Very Large Array (VLA) observations of the transient neutron star X-ray binary system Aql X-1, currently active at X-ray, optical, and infrared wavelengths (ATEL #259, #260, #279, #280), show that a faint radio outburst is also underway. Our 8.46 GHz observations gave the following nominal flux densities at the location of the source:

Non-detections:
  •  9 March 2004:   70 +/-  60 microJy/beam
  • 13 March 2004:   19 +/-  47 microJy/beam
  • 21 March 2004:   53 +/-  61 microJy/beam
  • 27 March 2004:   11 +/-  54 microJy/beam
  •  2 April 2004: -17 +/- 120 microJy/beam
Detections:
  • 19 May   2004: 210 +/-  50 microJy/beam
  • 26 May   2004: 214 +/-  35 microJy/beam
Combining all the March data gave a nominal value of 26 +/- 28 microJy/beam at this frequency. The 26 May 2004 data in particular show a very clear detection, and quasi-simultaneous 4.86 GHz observations give a flux density of 175 +/- 75 microJy/beam. The corresponding spectral index (flux density going as nu^alpha) on 26 May 2004 is thus alpha=+0.4 +/- 0.8. Such a spectral index is consistent with the optically-thick emission often seen from X-ray binaries in the low/hard X-ray state.

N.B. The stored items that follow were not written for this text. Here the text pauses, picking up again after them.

Lemma list_sum_seq_S (g : nat -> nat) (D : nat) :
  list_sum (map g (seq 1 (S D))) = (list_sum (map g (seq 1 D)) + g (S D))%nat.
Proof. rewrite seq_S, map_app, list_sum_app. simpl. lia. Qed.

Lemma diamond_row_sum (d D : nat) : (D <= d)%nat ->
  list_sum (map (fun j => 2 * (d - j) + 1) (seq 1 D))%nat = (2 * d * D - D * D)%nat.
Proof.
  induction D as [|D IH]; intro HD; [simpl; lia|].
  rewrite list_sum_seq_S, IH by lia. nia.
Qed.

Lemma box_row_sum (d1 D : nat) :
  list_sum (map (fun _ => 2 * d1 + 1) (seq 1 D))%nat = (D * (2 * d1 + 1))%nat.
Proof. induction D as [|D IH]; [simpl; lia|]. rewrite list_sum_seq_S, IH. lia. Qed.

Lemma diamond_card (d : nat) :
  card_is (fun x => exists m n, x = V m n /\ 0 <= x /\ (Z.abs m + Z.abs n <= Z.of_nat d)%Z)
    (d * d + d + 1)%nat.
Proof.
  pose proof (profile_card (fun j => d - j)%nat d) as Hcard.
  rewrite diamond_row_sum in Hcard by lia.
  replace (d * d + d + 1)%nat with (S (d - 0 + (2 * d * d - d * d)))%nat by lia.
  apply (card_is_ext _ _ _ Hcard). intro x. unfold profile_region.
  split; intros [m [n [Hx [Hpos Hreg]]]]; exists m, n; repeat split; auto; lia.
Qed.

Lemma box_card (d1 d2 : nat) :
  card_is (fun x => exists m n, x = V m n /\ 0 <= x /\
             (Z.abs m <= Z.of_nat d1)%Z /\ (Z.abs n <= Z.of_nat d2)%Z)
    (2 * d1 * d2 + d1 + d2 + 1)%nat.
Proof.
  pose proof (profile_card (fun _ => d1) d2) as Hcard. cbv beta in Hcard.
  rewrite box_row_sum in Hcard.
  replace (2 * d1 * d2 + d1 + d2 + 1)%nat with (S (d1 + d2 * (2 * d1 + 1)))%nat by lia.
  apply (card_is_ext _ _ _ Hcard). intro x. unfold profile_region.
  split; intros [m [n [Hx [Hpos Hreg]]]]; exists m, n; repeat split; auto; lia.
Qed.

Theorem mainTheorem14 (f : Z -> Z)
  (hf0 : f 0%Z = 1%Z) (hf1 : f 1%Z = 1%Z)
  (hfrec : forall i : Z, f (i + 2)%Z = (f (i + 1)%Z + f i)%Z)
  (d d1 d2 : nat) :
  (forall x : R, E_single f d x <->
     exists m n : Z, x = IZR m + IZR n * / gamma /\ 0 <= x /\
       (Z.abs m + Z.abs n <= Z.of_nat d)%Z) /\
  (forall x : R, E_pair f d1 d2 x <->
     exists m n : Z, x = IZR m + IZR n * / gamma /\ 0 <= x /\
       (Z.abs m <= Z.of_nat d1)%Z /\ (Z.abs n <= Z.of_nat d2)%Z) /\
  card_is (E_single f d) (d * d + d + 1)%nat /\
  card_is (E_pair f d1 d2) (2 * d1 * d2 + d1 + d2 + 1)%nat.
Proof.
  pose proof (E_single_char f hf0 hf1 hfrec d) as Hsingle.
  pose proof (E_pair_char f hf0 hf1 hfrec d1 d2) as Hpair.
  split; [exact Hsingle|]. split; [exact Hpair|]. split.
  - apply (card_is_ext _ _ _ (diamond_card d)). intro x. symmetry. apply Hsingle.
  - apply (card_is_ext _ _ _ (box_card d1 d2)). intro x. symmetry. apply Hpair.
Qed.
Lemma prefix_of_comparable (T : eqType) (p q : seq T) :
  prefix p q || prefix q p -> size p <= size q -> prefix p q.
Proof.
case/orP=> // qp pq.
have Epq : size p = size q by apply/eqP; rewrite eqn_leq pq size_prefix.
by move: qp; rewrite prefixE -Epq take_size => /eqP ->; apply: prefix_refl.
Qed.

Lemma size_undup_map_factor_lt (X Y Z : eqType) (s : seq X)
    (f : X -> Y) (f' : X -> Z) (g : Z -> Y) (a c : X) :
  {in s, forall x, g (f' x) = f x} -> a \in s -> c \in s ->
  f a = f c -> f' a != f' c ->
  size (undup (map f s)) < size (undup (map f' s)).
Proof.
move=> fg ains cins fac f'ac; set U := undup (map f' s).
have memU x : x \in s -> f' x \in U by move=> xs; rewrite mem_undup map_f.
have remU x : x \in s -> f' x != f' c -> f' x \in rem (f' c) U.
  by move=> xs xc; rewrite (mem_rem_uniq _ (undup_uniq _)) inE xc memU.
have sub : {subset undup (map f s) <= map g (rem (f' c) U)}.
  move=> y; rewrite mem_undup => /mapP [x xs ->].
  have [xc|xc] := eqVneq (f' x) (f' c); last by rewrite -fg // map_f ?remU.
  by rewrite -fg // xc fg // -fac -fg // map_f ?remU.
apply: leq_ltn_trans (uniq_leq_size (undup_uniq _) sub) _.
have U0 : 0 < size U by case: (U) (memU c cins).
by rewrite size_map size_rem ?memU // ltn_predL.
Qed.

Section Refinement.
Variables (Sigma : finType) (L : pred (seq Sigma)).
Notation str := (seq Sigma).

Definition Lopt (x : option str) (v : str) : bool :=
  if x is Some a then L (a ++ v) else false.

Definition row (vs : seq str) (x : option str) : seq bool := map (Lopt x) vs.

Definition nrows (P vs : seq str) : nat := size (undup (map (row vs) (Pd P))).

Lemma nrows_le P vs : nrows P vs <= (size P).+1.
Proof. by rewrite (leq_trans (size_undup _)) // size_map /= size_map. Qed.

Lemma mem_Pd (P : seq str) a : (Some a \in Pd P) = (a \in P).
Proof. by rewrite inE /= (mem_map (@Some_inj _)). Qed.

Lemma mem_Pd_subset (P P' : seq str) x :
  {subset P <= P'} -> x \in Pd P -> x \in Pd P'.
Proof. by move=> PP'; case: x => // a; rewrite !mem_Pd => /PP'. Qed.

(* The loop may choose alpha = a, beta = c, the letter b and gamma = g, with
   E_i computed from the suffixes vs. *)
Definition splits (P vs : seq str) (a c : option str) (b : Sigma) (g : str) :=
  [&& a \in Pd P, c \in Pd P, row vs a == row vs c, g \in vs &
      Lopt a (b :: g) != Lopt c (b :: g)].

Lemma splits_subset P P' vs a c b g :
  {subset P <= P'} -> splits P vs a c b g -> splits P' vs a c b g.
Proof.
by move=> PP' /and5P [aP cP *]; apply/and5P; split; rewrite ?(mem_Pd_subset PP').
Qed.

Lemma splits_fresh P vs a c b g : splits P vs a c b g -> b :: g \notin vs.
Proof.
case/and5P => _ _ /eqP /eq_in_map Eac _ Dac.
by apply/negP => /Eac Eg; rewrite Eg eqxx in Dac.
Qed.

Lemma splits_nrows P vs a c b g :
  splits P vs a c b g -> nrows P vs < nrows P (rcons vs (b :: g)).
Proof.
case/and5P => aP cP /eqP Eac _ Dac.
apply: (size_undup_map_factor_lt (g := take (size vs))) aP cP Eac _.
  by move=> x _; rewrite /row map_rcons -cats1 take_size_cat ?size_map.
by rewrite /row !map_rcons; apply: contra Dac => /eqP /rcons_inj [_ ->].
Qed.

Definition refine (s : state Sigma) (v : str) : state Sigma :=
  St (k_ s) (i_ s).+1 (rcons (vs_ s) v) (P_ s) (T_ s)
     (fun a => if (a \in T_ s) && L (a ++ v) then rcons (E_ s a) v else E_ s a).

Definition coherent (s : state Sigma) : Prop :=
  [/\ size (vs_ s) = (i_ s).+1, uniq (vs_ s), {subset P_ s <= T_ s},
      (forall a b, a \in P_ s -> rcons a b \in T_ s) &
      forall a, a \in T_ s -> E_ s a =i [seq v <- vs_ s | L (a ++ v)]].

Lemma coherent_mem_Eopt s x w : coherent s -> x \in Pd (P_ s) ->
  (w \in Eopt (E_ s) x) = (w \in vs_ s) && Lopt x w.
Proof.
case=> _ _ PT _ ET; case: x => [a|] //= aP; last by rewrite andbF.
by rewrite mem_Pd in aP; rewrite ET ?PT // mem_filter andbC.
Qed.

Lemma coherent_mem_Eopt_fext s x b w : coherent s -> x \in Pd (P_ s) ->
  (w \in Eopt (E_ s) (fext x b)) = (w \in vs_ s) && Lopt x (b :: w).
Proof.
case=> _ _ _ PbT ET; case: x => [a|] //= aP; last by rewrite andbF.
by rewrite mem_Pd in aP; rewrite ET ?PbT // mem_filter cat_rcons andbC.
Qed.

Lemma coherent_eq_Eopt s x y : coherent s -> x \in Pd (P_ s) -> y \in Pd (P_ s) ->
  Eopt (E_ s) x =i Eopt (E_ s) y <-> row (vs_ s) x = row (vs_ s) y.
Proof.
move=> Cs xP yP; split=> [Exy | /eq_in_map Exy w].
  apply/eq_in_map => w wv.
  by have := Exy w; rewrite !(coherent_mem_Eopt _ Cs) // wv.
rewrite !(coherent_mem_Eopt _ Cs) //.
by case: (boolP (w \in vs_ s)) => // /Exy ->.
Qed.
Lemma isrep_zero (d : 'I_(nv Q) -> nat) (V : repmx K d) :
  (forall f p, I f -> f p != 0 -> (0 < size p.2)%N) -> (forall a, V a = 0) -> isrep I V.
Proof.
move=> relI V0 f If s _ _ x y; rewrite /evalblk big1 // => p _.
have [->|fp] := eqVneq (f p) 0; first by rewrite scale0r.
case: p fp (relI f p If fp) => p0 [|b t] //= _ _.
by rewrite V0 mul0mx if_same mulmx0 scaler0.
Qed.

Section UpperTriangular.
Variables (d e : 'I_(nv Q) -> nat) (W : repmx K (fun x => d x + e x)).
Hypothesis W_triu :
  forall a, dlsubmx (W a : 'M_(d (qt a) + e (qt a), d (qs a) + e (qs a))) = 0.

Let Wul : repmx K d :=
  fun a => ulsubmx (W a : 'M_(d (qt a) + e (qt a), d (qs a) + e (qs a))).

Lemma pathmx_triu s x y :
  ulsubmx (pathmx W x s y : 'M_(d y + e y, d x + e x)) = pathmx Wul x s y
  /\ dlsubmx (pathmx W x s y : 'M_(d y + e y, d x + e x)) = 0.
Proof.
elim: s x => [|a s IH] x /=.
  have [<-|nxy] := eqVneq x y; last by split; apply/matrixP => i j; rewrite !mxE.
  by rewrite !pid_mx_1 scalar_mx_block block_mxKul block_mxKdl.
have [IHul IHdl] := IH (qt a).
have [<-|nx] := eqVneq (qs a) x; last by rewrite !mulmx0; split; apply/matrixP => i j; rewrite !mxE.
rewrite !pid_mx_1 !mulmx1.
set M := (pathmx W (qt a) s y : 'M_(d y + e y, d (qt a) + e (qt a))).
rewrite -[M]submxK -[W a : 'M_(_ + _, d (qs a) + e (qs a))]submxK mulmx_block.
by rewrite block_mxKul block_mxKdl -/M IHul IHdl W_triu !mulmx0 addr0 mul0mx add0r.
Qed.

Lemma isrep_ulsubmx : isrep I W -> isrep I Wul.
Proof.
move=> HW f If s us Hs x y; apply/matrixP => i j.
have /matrixP/(_ (lshift _ i) (lshift _ j)) := HW f If s us Hs x y.
rewrite /evalblk !summxE !mxE => W0; rewrite -[RHS]W0; apply: eq_bigr => p _.
by rewrite -(proj1 (pathmx_triu p.2 x y)) !mxE.
Qed.

End UpperTriangular.
End Representations.

Section Conjugation.
Variables (K : comUnitRingType) (Q : quiver) (I : (qpath Q -> K) -> Prop).
Variables (d : 'I_(nv Q) -> nat) (V : repmx K d) (P : forall x, 'M[K]_(d x)).
Hypothesis P_unit : forall x, P x \in unitmx.

Let VP : repmx K d := fun a => P (qt a) *m V a *m invmx (P (qs a)).

Lemma pathmx_conj s x y : pathmx VP x s y = P y *m pathmx V x s y *m invmx (P x).
Proof.
elim: s x => [|a s IH] x /=.
  have [<-|nxy] := eqVneq x y; last by rewrite mulmx0 mul0mx.
  by rewrite pid_mx_1 mulmx1 mulmxV.
rewrite IH; have [<-|nx] := eqVneq (qs a) x; last by rewrite !mulmx0 mul0mx.
by rewrite !pid_mx_1 !mulmx1 !mulmxA -[_ *m invmx _ *m P _]mulmxA mulVmx // mulmx1.
Qed.

Lemma isrep_conj : isrep I V -> isrep I VP.
Proof.
move=> HV f If s us Hs x y; have := HV f If s us Hs x y.
rewrite /evalblk => V0; under eq_bigr do rewrite pathmx_conj scalemxAl scalemxAr.
by rewrite -mulmx_suml -mulmx_sumr V0 mulmx0 mul0mx.
Qed.

End Conjugation.

Definition mxpoint (K : nzRingType) (I : Type) (r c : I -> nat)
    (M : forall i, 'M[K]_(r i, c i)) : coords r c -> K :=
  fun '(existT i (k, l)) => M i k l.

Lemma mxat_mxpoint (K : nzRingType) (I : Type) (r c : I -> nat)
    (M : forall i, 'M[K]_(r i, c i)) : mxat (mxpoint M) = M.
Proof. by apply: functional_extensionality_dep => i; apply/matrixP => k l; rewrite mxE. Qed.

Lemma locfun_mulmx_invmx (K : fieldType) (J : Type) m n
    (A : (J -> K) -> 'M[K]_(m, n)) (B : (J -> K) -> 'M[K]_n) (R : (J -> K) -> K) i j :
  polymx A -> polymx B -> polyfun R ->
  locfun (fun z => \det (B z) * R z) (fun z => (A z *m invmx (B z)) i j).
Proof.
move=> HA HB HR; exists 1%N, (fun z => R z * (A z *m \adj (B z)) i j); split.
  exact/pf_mul/polymx_mul/polymx_adj.
move=> z; rewrite mulf_eq0 negb_or => /andP[detB _].
rewrite /invmx unitmxE unitfE detB -scalemxAr [in RHS]mxE expr1; by field.
Qed.

Section HomToExt.
Variables (K : fieldType) (Q : quiver) (I : (qpath Q -> K) -> Prop) (d e : 'I_(nv Q) -> nat).

Notation de := (fun x => d x + e x).
Notation HC := (coords (Hrow de e) (Hcol de e)).
Notation EC := (coords (Erow e d) (Ecol e d)).

Definition basismx (z : HC -> K) x : 'M[K]_(d x + e x) :=
  col_mx (row_mx 1%:M 0) (mxat z (inr x)).

Definition hdet (z : HC -> K) := \prod_x \det (basismx z x).

Definition conjW (z : HC -> K) a : 'M[K]_(d (qt a) + e (qt a), d (qs a) + e (qs a)) :=
  basismx z (qt a) *m mxat z (inl (inl a)) *m invmx (basismx z (qs a)).

Definition ext_of_hom (z : HC -> K) : EC -> K :=
  mxpoint (fun i => match i return 'M[K]_(Erow e d i, Ecol e d i) with
    | inl (inl a) => mxat z (inl (inr a))
    | inl (inr a) => ulsubmx (conjW z a)
    | inr a => ursubmx (conjW z a)
    end).

Definition hom_of_ext (z : EC -> K) : HC -> K :=
  mxpoint (fun i => match i return 'M[K]_(Hrow de e i, Hcol de e i) with
    | inl (inl a) => Wext (fun a => mxat z (inl (inr a))) (fun a => mxat z (inr a))
                          (fun a => mxat z (inl (inl a))) a
    | inl (inr a) => mxat z (inl (inl a))
    | inr x => row_mx 0 1%:M
    end).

These radio data are consistent with a flare corresponding to the optical/IR rise seen by the SMARTS consortium (cf. ATEL #279). Interestingly, no similar radio emission was seen during the last optical/IR flare in March/April 2003, which was also a strong soft X-ray event as seen with RXTE's All-Sky Monitor; the radio rms noise levels were 50-70 microJy/beam at 8.46 GHz. The radio emission thus seems to track the hard rather than the soft X-rays. Further radio observations are planned.

Observational details:

  • The March and April 2004 data were taken in the VLA's C configuration, giving a typical beam size (FWHM) at 8.46 GHz of 4 x 3 arcseconds. The 19 May 2004 data were taken during the move from C to DnC configuration, and should be treated with some caution; the beam size here was 6.0 x 3.4 arcseconds. The 26 May 2004 data were taken in DnC configuration, with a beam size of 8.4 x 4.4 arcseconds (oriented east/west) at 8.46 GHz, and 15 x 5 arcseconds (also east/west) at 4.86 GHz.
  • The (1sigma) error bars reflect a combination of thermal noise measured near the source, and differences between flux densities measured using various methods (different uv-weighting schemes, total vs. peak flux densities, etc.).
  • The source position (J2000), measured by fitting a point source plus planar background to the 26 May 2004 8.46 GHz image, is
    19 11 16.01 +/- 0.03    00 35 06.7 +/- 0.3
    where the error bars are 1sigma, and reflect only the statistical uncertainties due to noise. This position is referenced to that of the VLA calibrator 1950+081, 12.8 degrees away.

The National Radio Astronomy Observatory is a facility of the National Science Foundation operated under cooperative agreement by Associated Universities, Inc.